Nick: So, interestingly, there's a lot of schools of thought on this question. You say no, and you're very definitive about it. So, why- what is it about the 'no' that makes you so 'no' about it?
Leah: Because sometimes you get great gifts, and it's just not for you, and you know somebody who would love it, and there's no way these two people will ever meet each other. You know what I mean?
Leah: Why would you just not give that to the other person?
Nick: Yeah, I totally agree. Now, interestingly, Emily Post is not enthusiastic about regifting. She's not into it.
Leah: I feel like she has more rules than us.
Nick: She definitely has more rules, and not all of them are correct. I think etiquette is all about not hurting people's feelings. So, if you can regift, and you can get away with it, no problem.
Leah: Yeah, I don't think you should be honest about it; which, I feel horrible that I said that because I do, as a general rule, believe that you should be honest, but just don't bring it up.
Nick: This is Emily Post's quibble with it. She thinks it is inherently deceitful to regift.
Leah: It may be, slightly. It may be the most deceitful thing I do.
Nick: I mean, of all the deceit in the world.
Leah: But it's also ... We can't keep everything, and some things are really wonderful, but they're just not wonderful for you, but then it's really wonderful for a friend of yours.

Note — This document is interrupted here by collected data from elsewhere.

Definition pt_weight (n : nat) (x : {ffun 'I_n -> 'I_(size supp)}) : R :=
  \prod_(i < n) w (nth 0 supp (x i)).

Definition prob_val (n : nat) (p : mlpoly n) (y : R) : R :=
  \sum_(x : {ffun 'I_n -> 'I_(size supp)} | meval p (pt x) == y) pt_weight x.

Definition ident_distr (n : nat) (p q : mlpoly n) : Prop :=
  forall y : R, prob_val p y = prob_val q y.

Definition is_max_sparsity_gap (d s t : nat) : Prop :=
  (exists (n : nat) (p q : mlpoly n),
      deg_le d p /\ deg_le d q /\ sparsity p = s /\ sparsity q = t /\
      ident_distr p q) /\
  (forall (n : nat) (p q : mlpoly n),
      deg_le d p -> deg_le d q -> sparsity p = s -> ident_distr p q ->
      (sparsity q <= t)%N).

(** A (randomized) tester using m samples on n variables is modelled by
    the probability [A smp] in [0,1] that it outputs "s-sparse" on the
    sample sequence [smp] (list of m labelled points (x, y)). *)
Definition tester (n m : nat) := ('I_m -> ('I_n -> R) * R) -> R.

(** Probability that A outputs "s-sparse" on i.i.d. samples
    (x, p(x) + eta) with x ~ X^{(x)n} and eta = eta_0 = 0. *)
Definition accept_prob (n m : nat) (A : tester n m) (p : mlpoly n) : R :=
  \sum_(xs : {ffun 'I_m -> {ffun 'I_n -> 'I_(size supp)}})
     (\prod_(j < m) pt_weight (xs j)) *
     A (fun j => (pt (xs j), meval p (pt (xs j)) + 0)).

Definition solves_testing (d s T : nat) (K eps : R) (n m : nat)
    (A : tester n m) : Prop :=
  (forall smp, 0 <= A smp <= 1) /\
  forall p : mlpoly n, deg_le d p ->
    K^-1 <= coeff_norm p <= K ->
    ((sparsity p <= s)%N -> 9 / 10 <= accept_prob A p) /\
    (far_from_sparse d T eps p -> 1 - accept_prob A p >= 9 / 10).

End Defs.

(* The witness pair P, Q of the sparsity gap (sparsities s and t > T, identically distributed
   on X^{(x) n0}) has equal coefficient norms, since E[p(X)^2] = ||p||^2 for mean-0 variance-1
   coordinates; rescale both to norm 1.  Every copy of P on n0 of the n variables is s-sparse and
   every copy of Q is eps-far from T-sparse, eps being the least relative nonzero coefficient of Q.
   Place B = n / (n0 + 1) copies on disjoint blocks: on each block the tester accepts the P-copy
   with probability >= 9/10 and the Q-copy with probability <= 1/10.  Write the summed gap as
   E[sum_y A(x, y) D_y(x)], where D_y counts the blocks whose P-labels equal y minus those whose
   Q-labels do.  Since A D <= D^2/4 + 1, and independence of the blocks makes E[D_y^2] additive
   (each block contributing at most 2 in total over y), 8B/10 <= B/2 + #labels, and there are at
   most 2 (k^n0)^m labels.  Hence n <= (k^n0)^(2m), i.e. m >= ln n / (2 k^n0). *)

From mathcomp Require Import all_boot all_order all_algebra.
From mathcomp Require Import reals exp boolp.
From mathcomp Require Import ring lra zify.
Import Order.TTheory GRing.Theory Num.Theory.
Set Implicit Arguments. Unset Strict Implicit. Unset Printing Implicit Defensive.
Local Open Scope ring_scope.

Nick: Yeah. I think if you aren't going to get caught, no problem. Then, the gift, itself, should be a good gift. You shouldn't be just giving something that's a bad gift, like something that's inappropriate for the person, or just like a garbage thing.
Leah: Right. You're like, "This was in my pocket."

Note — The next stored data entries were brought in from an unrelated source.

Lemma embed_onto J (x : 'cV[R]_d) : #|J| = m ->
  (forall k, k \notin J -> x k 0 = 0) -> exists y, embed J y = x.
Proof.
move=> cardJ x_supp; exists (\col_j oapp (fun k => x k 0) 0 (colidx J j)).
apply/matrixP => k z; rewrite ord1.
have [kJ|kJ] := boolP (k \in J); last by rewrite embed_out // x_supp.
have [j jk] := colidx_onto cardJ kJ.
by rewrite (embed_in _ jk) mxE jk.
Qed.

Lemma basis_of_support J : #|J| = m ->
  (forall x : 'cV[R]_d, (forall k, k \notin J -> x k 0 = 0) -> A *m x = 0 -> x = 0) ->
  is_basis A J.
Proof.
move=> cardJ A_inj; split => //.
rewrite unitmxE unitfE -det_tr; apply/negP => /det0P [v v_neq0 v_ker].
have AIv : AI A J *m v^T = 0 by rewrite -[AI A J]trmxK -trmx_mul v_ker trmx0.
have embed0 : embed J v^T = 0 by apply: A_inj => [k|]; [exact: embed_out|rewrite A_embed].
apply: (negP v_neq0); apply/eqP/rowP => j; rewrite mxE.
have [k jk] := colidx_total j cardJ.
by have := embed_in v^T jk; rewrite embed0 !mxE => <-.
Qed.

Lemma xb_embed J beta : xb A J beta = embed J (invmx (AI A J) *m beta).
Proof. by []. Qed.

Lemma xb_A J beta : is_basis A J -> A *m xb A J beta = beta.
Proof. by move=> [_ J_unit]; rewrite xb_embed A_embed mulmxA mulmxV ?mul1mx. Qed.

Lemma xb_out J beta k : k \notin J -> xb A J beta k 0 = 0.
Proof. by rewrite xb_embed; exact: embed_out. Qed.

Lemma xb_uniq J beta (x : 'cV[R]_d) : is_basis A J ->
  (forall k, k \notin J -> x k 0 = 0) -> A *m x = beta -> xb A J beta = x.
Proof.
move=> [cardJ J_unit] x_supp; have [y <-] := embed_onto cardJ x_supp.
by move=> <-; rewrite A_embed xb_embed mulKmx.
Qed.

Definition xbmx J : 'M[R]_(d, m) :=
  \matrix_(k, i) \sum_(j | colidx J j == Some k) invmx (AI A J) j i.

Lemma xb_mulmx J beta : xb A J beta = xbmx J *m beta.
Proof.
apply/matrixP => k z; rewrite ord1 !mxE.
under [RHS]eq_bigr do rewrite mxE big_distrl.
by rewrite exchange_big; apply: eq_bigr => j _; rewrite mxE.
Qed.

Lemma xb_col J k : is_basis A J -> k \in J -> xb A J (col k A) = delta_mx k 0.
Proof.
move=> J_basis kJ; apply: xb_uniq => //; last by rewrite colE.
by move=> l lJ; rewrite mxE andbT; case: eqP lJ => // ->; rewrite kJ.
Qed.

(* The simplex tableau: alpha J r k is the r-th coordinate of x(J, A_k). *)
Definition alpha J r k : R := (xbmx J *m A) r k.

Lemma alpha_xb J r k : alpha J r k = xb A J (col k A) r 0.
Proof. by rewrite xb_mulmx /alpha !mxE; apply: eq_bigr => i _; rewrite !mxE. Qed.

Lemma alpha_in J r k : is_basis A J -> k \in J -> alpha J r k = (r == k)%:R.
Proof. by move=> J_basis kJ; rewrite alpha_xb xb_col // mxE andbT. Qed.

(* If x(J, A y)_r < 0 for some y >= 0, the row r of the tableau has a
   negative entry: this is where feasibility of the new right-hand side enters. *)
Lemma tableau_negative_entry J r (y : 'cV[R]_d) :
  (forall k, 0 <= y k 0) -> xb A J (A *m y) r 0 < 0 -> exists k, alpha J r k < 0.
Proof.
move=> y_ge0; rewrite xb_mulmx mulmxA mxE.
have [/existsP [k neg] _|/existsPn none] := boolP [exists k, alpha J r k < 0].
  by exists k.
rewrite ltNge sumr_ge0 // => k _; apply: mulr_ge0 (y_ge0 k).
by rewrite leNgt; exact: none.
Qed.

Lemma trmx_mul_colidx J (j : 'I_m) k (lm : 'cV[R]_m) : colidx J j = Some k ->
  (A^T *m lm) k 0 = ((AI A J)^T *m lm) j 0.
Proof. by move=> jk; rewrite !mxE; apply: eq_bigr => i _; rewrite !mxE jk. Qed.

Lemma lam_in J (c' : 'cV[R]_d) k : is_basis A J -> k \in J ->
  (A^T *m lam A c' J) k 0 = c' k 0.
Proof.
move=> [cardJ J_unit] kJ; have [j jk] := colidx_onto cardJ kJ.
by rewrite (trmx_mul_colidx _ jk) /lam mulmxA -trmx_mul mulVmx // trmx1 mul1mx mxE jk.
Qed.

Lemma lam_uniq J (c' : 'cV[R]_d) (lm : 'cV[R]_m) : is_basis A J ->
  (forall k, k \in J -> (A^T *m lm) k 0 = c' k 0) -> lam A c' J = lm.
Proof.
move=> [cardJ J_unit] lm_eq.
have AIlm : (AI A J)^T *m lm = cI m c' J.
  apply/matrixP => j z; rewrite ord1; have [k jk] := colidx_total j cardJ.
  by rewrite -(trmx_mul_colidx _ jk) lm_eq ?(colidx_mem jk) // mxE jk.
by rewrite /lam -AIlm mulmxA -trmx_mul mulmxV // trmx1 mul1mx.
Qed.

Lemma lam0 J (c' : 'cV[R]_d) : (forall k, k \in J -> c' k 0 = 0) -> lam A c' J = 0.
Proof.
move=> c'_J; suff cI0 : cI m c' J = 0 by rewrite /lam cI0 mulmx0.
apply/matrixP => j z; rewrite !mxE.
by case E: (colidx J j) => [k|] //=; exact: c'_J (colidx_mem E).
Qed.

End Bases.

Section Lexicographic.
Variables (R : realDomainType) (n : nat).
Implicit Types u v w : 'rV[R]_n.

Definition lexpos v := exists i : 'I_n, 0 < v 0 i /\ forall j : 'I_n, (j < i)%N -> v 0 j = 0.
Definition lexnn v := v = 0 \/ lexpos v.
Definition lexlt u v := lexpos (v - u).

Lemma lexposD u v : lexpos u -> lexpos v -> lexpos (u + v).
Proof.
move=> [i [ui u_lt]] [j [vj v_lt]].
have [ij|ji|/val_inj eq_ij] := ltngtP i j.
- exists i; rewrite !mxE v_lt // addr0; split => // k ki.
  by rewrite !mxE u_lt ?v_lt ?addr0 // (ltn_trans ki).
- exists j; rewrite !mxE u_lt // add0r; split => // k kj.
  by rewrite !mxE u_lt ?v_lt ?addr0 // (ltn_trans kj).
- subst j; exists i; rewrite !mxE addr_gt0 //; split => // k ki.
  by rewrite !mxE u_lt ?v_lt ?addr0.
Qed.

Lemma lexnnD u v : lexnn u -> lexnn v -> lexnn (u + v).
Proof.
move=> [->|u_pos] [->|v_pos]; rewrite ?add0r ?addr0; try by [left|right].
by right; apply: lexposD.
Qed.

Lemma lexposZ a v : 0 < a -> lexpos v -> lexpos (a *: v).
Proof.
move=> a_gt0 [i [vi v_lt]]; exists i; rewrite !mxE mulr_gt0 //; split => // j ji.
by rewrite !mxE v_lt ?mulr0.
Qed.

Lemma lexnnZ a v : 0 <= a -> lexnn v -> lexnn (a *: v).
Proof.
rewrite le_eqVlt => /orP [/eqP <-|a_gt0] [->|v_pos];
  rewrite ?scale0r ?scaler0; try by left.
by right; apply: lexposZ.
Qed.

Lemma lexpos_neq0 v : lexpos v -> v <> 0.
Proof. by move=> [i [vi _]] v0; move: vi; rewrite v0 mxE ltxx. Qed.

Lemma lex_trichotomy v : v = 0 \/ lexpos v \/ lexpos (- v).
Proof.
have [/existsP [i0 vi0]|/existsPn v0] := boolP [exists i, v 0 i != 0]; last first.
  by left; apply/rowP => i; apply/eqP; rewrite mxE -[_ == _]negbK v0.
case: (@arg_minnP _ i0 (fun i => v 0 i != 0) val vi0) => i vi i_min.
have v_lt (j : 'I_n) : (j < i)%N -> v 0 j = 0.
  by move=> ji; apply/eqP; apply: contraTT ji => /i_min; rewrite -leqNgt.
right; have [neg|pos|/eqP] := ltgtP (v 0 i) 0; last by rewrite (negbTE vi).
- by right; exists i; rewrite mxE oppr_gt0; split => // j ji; rewrite mxE v_lt ?oppr0.
- by left; exists i.
Qed.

Nick: Right. Yeah, so I think as long as it's still a good gift, no problem.
Leah: I get a lot of things from swag bags and that A) my apartment is the size of a matchbook, so can't keep it. Also, some of them are inappropriate for me, and I'll give them as gifts; sometimes, I'll say, "Got this in a swag bag. Thought you might like it," so the person doesn't feel-
Nick: I don't even think you have to necessarily say you got it in a swag bag. I think it's fine.

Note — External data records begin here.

(* Let $\mathbb{D}$ be a discrete polymatroid on ground set $\{1,\dots,r\}$ with rank function $\rho$ and $\rho(\{1,\dots,r\})=k$, and let $\mathcal{I}_{\mathbb{D}}(Z,\mathcal{R})$ be the generalized index coding problem constructed from $\mathbb{D}$ (defined in the context). If a perfect linear index coding solution of dimension $n$ over $\mathbb{F}_2$ exists for $\mathcal{I}_{\mathbb{D}}(Z,\mathcal{R})$, then the discrete polymatroid $n\mathbb{D}$ is representable over $\mathbb{F}_2$.
   Context: A discrete polymatroid on $\{1,\dots,r\}$ with rank function $\rho:2^{\{1,\dots,r\}}\to\mathbb{Z}_{\ge0}$ (monotone, submodular, $\rho(\emptyset)=0$) is the set $\mathbb{D}=\{u\in\mathbb{Z}_{\ge0}^r: \sum_{i\in A}u_i\le\rho(A)\ \forall A\subseteq\{1,\dots,r\}\}$. For $u,v\in\mathbb{Z}_{\ge0}^r$, $u\le v$ means componentwise and $u<v$ means $u\le v$, $u\ne v$; $(u)_{>0}$ is the set of indices of nonzero components. A basis vector of $\mathbb{D}$ is $u\in\mathbb{D}$ with no $v\in\mathbb{D}$, $u<v$; $\mathcal{B}(\mathbb{D})$ is the set of basis vectors. An excluded vector is $u\in\mathbb{Z}_{\ge0}^r$ with $u_i\le\rho(\{i\})$ for all $i$ and $u\notin\mathbb{D}$; it is minimal if no excluded $v$ satisfies $v<u$; $\mathcal{C}(\mathbb{D})$ is the set of minimal excluded vectors. $n\mathbb{D}$ is the discrete polymatroid on $\{1,\dots,r\}$ with rank function $n\rho$. It is representable over $\mathbb{F}_2$ if there are subspaces $V_1,\dots,V_r$ of an $\mathbb{F}_2$-vector space with $\dim(\sum_{i\in S}V_i)=n\rho(S)$ for all $S$. Construction of $\mathcal{I}_{\mathbb{D}}(Z,\mathcal{R})$: messages $Z=X\cup Y$ with $X=\{x_1,\dots,x_k\}$ and $Y=\{y_i^j: i\in\{1,\dots,r\}, j\in\{1,\dots,\rho(\{i\})\}\}$; with dimension $n$ each message lies in $\mathbb{F}_2^n$. Let $\zeta_i=\{y_i^1,\dots,y_i^{\rho(\{i\})}\}$. A receiver is a pair (demanded message, Has-set); a Has-set that is a set of messages means the receiver knows those messages, and a Has-set that is a sum $\sum_{y\in\Gamma}y$ means the receiver knows only the vector $\sum_{y\in\Gamma}y\in\mathbb{F}_2^n$. $\mathcal{R}=R_1\cup R_2\cup R_3$ where: $R_1=\bigcup_{b\in\mathcal{B}(\mathbb{D})}S_1(b)$ with $S_1(b)=\{(x_j,\bigcup_{l\in(b)_{>0}}\eta_l): j\in\{1,\dots,k\},\ \eta_l\subseteq\zeta_l,\ |\eta_l|=b_l\}$; $R_2=\bigcup_{c\in\mathcal{C}(\mathbb{D})}\bigcup_{j\in(c)_{>0}}\bigcup_{p\in\{1,\dots,\rho(\{j\})\}}S_2(c,j,p)$ with $S_2(c,j,p)=\{(y_j^p,\sum_{y\in\Gamma_1\cup\Gamma_2}y): \Gamma_1=\bigcup_{l\in(c)_{>0}\setminus\{j\}}\eta_l,\ \eta_l\subseteq\zeta_l,\ |\eta_l|=c_l,\ \Gamma_2\subseteq\zeta_j\setminus\{y_j^p\},\ |\Gamma_2|=c_j-1\}$; $R_3=\{(y_i^j,X): i\in\{1,\dots,r\}, j\in\{1,\dots,\rho(\{i\})\}\}$. An index code of length $l$ and dimension $n$ over $\mathbb{F}_2$ is a map $f$ from the concatenated messages in $\mathbb{F}_2^{n|Z|}$ to $\mathbb{F}_2^l$ such that each receiver can compute its demanded message from its Has-set and $f$ of the messages; it is linear if $f$ is linear. With $\mu$ the maximum number of receivers having the same Has-set, a solution is perfect if $l/n=\mu$. *)

From HB Require Import structures.
From mathcomp Require Import all_boot all_order all_algebra.
From Stdlib Require Import ClassicalEpsilon.
Set Implicit Arguments. Unset Strict Implicit. Unset Printing Implicit Defensive.
Import GRing.Theory.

Nick: I think, if you do regift, you want to make sure that there's no evidence of the regifting. So, if it's a book, make sure it's not inscribed to you.
Nick: That's nice. If it's monogrammed - something to note ...
Leah: Oh, if it's monogrammed, you gotta keep it.
Nick: Unless it's their monogram.
Leah: Unless you find somebody with the same exact initials-
Nick: And if you do, no problem.
Leah: No problem.
Nick: I think it's fine. Yeah, totally fine. So, relatedly, our next question is: "Is it rude to give someone a fruitcake?" Because it feels like fruitcakes get regifted a lot, too.
Leah: You think they get regifted?
Nick: Well, there is the old joke; I think it's Johnny Carson who was like, "There's only one fruitcake in the world, and it just keeps getting passed around."
Leah: That's what people say about candy corn. They just dust them off and bring it back out next year.
Nick: Yeah ... I mean, the tone of this question suggests that they don't like fruitcake.
Leah: I mean, they probably haven't had one of my dad's fruitcakes.
Nick: I love fruitcake. Fruitcake is great.
Leah: I don't think it's rude at all. Also, my dad home-makes them and then, wraps them in a rum-drenched cloth-
Nick: Cloth-like thing, mm-hmm.
Leah: -and then, wraps them and sends them.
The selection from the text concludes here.